Harold was a born problem solver; he never felt guilty losing sleep or missing a conference over an unexpected challenge. But some problems were unsolvable, and he never felt guilty moving on from such problems: like Teddles, or people in general. He often puzzled trying to understand human behavior. But if he puzzled for too long, or became frustrated, he’d conclude that man is simply irrational by nature, an unsolvable problem. Man is a child with no sense of who he is and no interest in finding out, constructing a society around subservience to basic functions and instant gratification. The apocalypse destroyed that society, and man strove fruitlessly to build it back up exactly as it was, never vying for an alternative.

A strip of light from around a corner caught his glance, a concentration of corpses shuffling slowly into and away from it. He shoved his way through and made it to the street that was alive with prostitution advertisement. One building, covered in multicolored lights, blasted the sound of a woman in climax through a giant stereo. The street was filled with naked whores dancing to the music. The front doors of the main building were big. A moderate crowd was walking in. No one seemed to be walking out.

He followed the conveyer belt of horny corpses through the entrance and into an enormous room. A giant, golden staircase.
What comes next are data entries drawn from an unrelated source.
Lemma mlinE_uniq s f : uniq s -> {subset msupp f <= s} ->
  mlin f = \sum_(mu <- s) f@_mu *: Psi mu.
Proof.
move=> s_uniq supp_s; rewrite (bigID (mem (msupp f))) /=.
rewrite [X in _ + X]big1 ?addr0 => [|mu]; last first.
  by rewrite mcoeff_msupp negbK => /eqP ->; rewrite scale0r.
rewrite -big_filter; apply/perm_big/uniq_perm; rewrite ?filter_uniq ?msupp_uniq //.
by move=> mu; rewrite mem_filter; case: (boolP (mu \in msupp f)) => // /supp_s ->.
Qed.

Lemma mlin0 : mlin 0 = 0.
Proof. by rewrite /mlin msupp0 big_nil. Qed.

Lemma mlinD f g : mlin (f + g) = mlin f + mlin g.
Proof.
pose s := undup (msupp f ++ msupp g ++ msupp (f + g)).
rewrite !(@mlinE_uniq s) ?undup_uniq //.
- by rewrite -big_split; apply: eq_bigr => mu _; rewrite mcoeffD scalerDl.
all: by move=> mu mu_h; rewrite mem_undup !mem_cat mu_h ?orbT.
Qed.

Lemma mlinZ k f : mlin (k *: f) = k *: mlin f.
Proof.
rewrite (@mlinE_uniq (msupp f)) ?msupp_uniq //; last exact: msuppZ_le.
by rewrite scaler_sumr; apply: eq_bigr => mu _; rewrite mcoeffZ scalerA.
Qed.

Lemma mlin_sum (T : Type) (r : seq T) (P : pred T) (F : T -> {mpoly K[D]}) :
  mlin (\sum_(t <- r | P t) F t) = \sum_(t <- r | P t) mlin (F t).
Proof. exact: (big_morph mlin mlinD mlin0). Qed.

Lemma mlinX mu : mlin 'X_[mu] = Psi mu.
Proof. by rewrite /mlin msuppX big_seq1 mcoeffX eqxx scale1r. Qed.

End LinearExtension.

Section MultiplicativeExtension.
Local Open Scope ring_scope.
Variables (K : fieldType) (R : algType K) (D : nat) (Psi : 'X_{1..D} -> R).
Hypothesis Psi0 : Psi 0%MM = 1.
Hypothesis PsiD : forall mu nu, Psi (mu + nu)%MM = Psi mu * Psi nu.

Lemma mlin1 : mlin Psi 1 = 1.
Proof. by rewrite -mpolyX0 mlinX Psi0. Qed.

Lemma mlinM f g : mlin Psi (f * g) = mlin Psi f * mlin Psi g.
Proof.
rewrite {1}(mpolyE f) {1}(mpolyE g) mulr_suml mlin_sum [mlin _ f]/mlin mulr_suml.
apply: eq_bigr => mu _; rewrite mulr_sumr mlin_sum [mlin _ g]/mlin mulr_sumr.
apply: eq_bigr => nu _.
rewrite -scalerAl -scalerAr !mlinZ -mpolyXD mlinX PsiD.
by rewrite -scalerAl -scalerAr.
Qed.

End MultiplicativeExtension.

Lemma ascending_chain_le (T : Type) (P : nat -> T -> Prop) :
  (forall t x, P t x -> P t.+1 x) -> forall t t', t <= t' -> forall x, P t x -> P t' x.
Proof.
move=> P_incr t t'; elim: t' => [|t' IH]; first by rewrite leqn0 => /eqP ->.
rewrite leq_eqVlt => /predU1P [-> // | /IH P_t x /P_t]; exact: P_incr.
Qed.

Definition subspace (K : fieldType) (V : lmodType K) (P : V -> Prop) :=
  [/\ P 0%R, forall u v, P u -> P v -> P (u + v)%R & forall k u, P u -> P (k *: u)%R].

Section LeadingMonomials.
Local Open Scope ring_scope.
Variables (K : fieldType) (D : nat).

Definition mleads (F : {mpoly K[D]} -> Prop) (mu : 'X_{1..D}) : Prop :=
  exists f, [/\ F f, f != 0 & mlead f = mu].

Lemma subspace_of_mleads (F F' : {mpoly K[D]} -> Prop) :
  subspace F -> subspace F' -> (forall f, F f -> F' f) ->
  (forall mu, mleads F' mu -> mleads F mu) -> forall f, F' f -> F f.
Proof.
case=> F0 FD FZ [_ F'D F'Z] FF' leadsF.
(* Cancel the leading term against an element of F and induct on the monomial order. *)
suff key mu f : F' f -> mlead f = mu -> F f by move=> f F'f; exact: key.
elim/(well_founded_induction (@ltom_wf D)): mu f => mu IH f F'f lead_f.
have [-> // | nz_f] := eqVneq f 0.
have [g [Fg nz_g lead_g]] : mleads F mu by apply: leadsF; exists f.
pose h := f - (mleadc f / mleadc g) *: g.
have F'h : F' h by apply: F'D => //; rewrite -scaleN1r; apply/F'Z/F'Z/FF'.
suff Fh : F h by rewrite -(subrK ((mleadc f / mleadc g) *: g) f); apply/FD/FZ.
have [-> // | nz_h] := eqVneq h 0.
apply: (IH (mlead h)) => //; rewrite lt_neqAle; apply/andP; split.
  apply: contraTneq (mlead_supp nz_h) => ->.
  have nz_gmu : g@_mu != 0 by rewrite -lead_g mleadc_eq0.
  by rewrite mcoeff_msupp mcoeffB mcoeffZ lead_f lead_g mulfVK ?subrr ?eqxx.
apply: le_trans (mleadB_le _ _) _; rewrite leUx -lead_f lexx /=.
by apply: le_trans (mleadZ_le _ _) _; rewrite lead_g lead_f.
Qed.

End LeadingMonomials.

Lemma monomial_chain_stable (D : nat) (L : nat -> 'X_{1..D} -> Prop) :
  (forall t mu, L t mu -> L t.+1 mu) ->
  (forall t t' mu mu', L t mu -> L t' mu' -> (mu <= mu')%MM -> L t mu') ->
  exists N, forall t, N <= t -> forall mu, L t mu -> L N mu.
Proof.
move=> L_incr L_up; apply: NNPP => unstable.
(* Otherwise pick, at increasing times, monomials missing from the earlier stage;
   Dickson's lemma makes one of them dominate an earlier one, so by upward
   closure it was already present at the stage it was chosen to avoid. *)
have escape N : exists tm : nat * 'X_{1..D}, [/\ N <= tm.1, L tm.1 tm.2 & ~ L N tm.2].
  apply: NNPP => no_escape; apply: unstable; exists N => t le_Nt mu Lmu.
  by apply: NNPP => notL; apply: no_escape; exists (t, mu).
pose next N := proj1_sig (constructive_indefinite_description _ (escape N)).
have nextP N : [/\ N <= (next N).1, L (next N).1 (next N).2 & ~ L N (next N).2].
  exact: proj2_sig (constructive_indefinite_description _ (escape N)).
pose time := fix time s := if s is s'.+1 then (next (time s')).1 else 0.
pose mu s := (next (time s)).2.
have L_time s : L (time s.+1) (mu s) by case: (nextP (time s)).
have time_mono : {homo time : s s' / s <= s'}.
  apply: homo_leq => [//|y x z|s]; first exact: leq_trans.
  by case: (nextP (time s)).
have [s [s' [lt_ss' le_mu]]] := dickson mu.
case: (nextP (time s')) => _ _; apply.
apply: (ascending_chain_le L_incr (time_mono _ _ lt_ss')).
exact: L_up (L_time s) (L_time s') le_mu.
Qed.

Section FinitelyGeneratedModule.
Local Open Scope ring_scope.
Variables (K : fieldType) (V : lmodType K) (m d : nat) (G : 'I_m -> V)
  (act : 'X_{1..d} -> V -> V).
Hypothesis actD : forall nu u v, act nu (u + v) = act nu u + act nu v.
Hypothesis actZ : forall nu k u, act nu (k *: u) = k *: act nu u.
Hypothesis actM : forall nu1 nu2 u, act (nu1 + nu2)%MM u = act nu1 (act nu2 u).
Hypothesis act_span : forall v, exists (mm : nat) (c : 'I_mm -> 'I_m)
  (nu : 'I_mm -> 'X_{1..d}) (k : 'I_mm -> K),
  v = \sum_(t < mm) k t *: act (nu t) (G (c t)).

Let act0 nu : act nu 0 = 0.
Proof. by rewrite -(scale0r 0) actZ !scale0r. Qed.

Let act_sum nu (T : Type) (r : seq T) (F : T -> V) :
  act nu (\sum_(t <- r) F t) = \sum_(t <- r) act nu (F t).
Proof. exact: (big_morph (act nu) (actD nu) (act0 nu)). Qed.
Blood-red carpeting. Black curtains. More women dancing, these ones beautiful.

There were many circular desks in this room, small groups of women standing in the center of them, corpses walking up to them. In the center of the room was a much larger desk with one woman standing at it. Large, older, short hair, cheeks of a pit bull, a lollipop in her mouth. No one seemed to be approaching that one. So Harold did. A small sign on the desk read “MADAM.”

“What d’ya need?” Madam wasn’t in the mood for customer service.

Harold immediately showed her his badge. If this woman knew anything about the city (she was a madam, after all), she should know what it meant.

“Oh,” she set her thick elbows on the desk. “We don’t usually get your cocks here.”

“I need a woman,” Harold put the card away.

“Preferences?”

Harold thought. He tried to think like a rebel. If they were using prostitutes to recruit, what kind of woman would they hire to appeal to young men? She would have to be the best… of the cheapest. He asked the madam for just that.

“Oh, of course! The economy exclusive!” The madam reached under the desk for a book and set it open on the surface. “Name.”

“Odd,” Harold thought out loud. “I wouldn’t think the city would keep such careful track of these things.”

“The city’s not,” the Madam moved the lollipop from one side of her mouth to the other. “We are. It helps us answer their stupid questions.”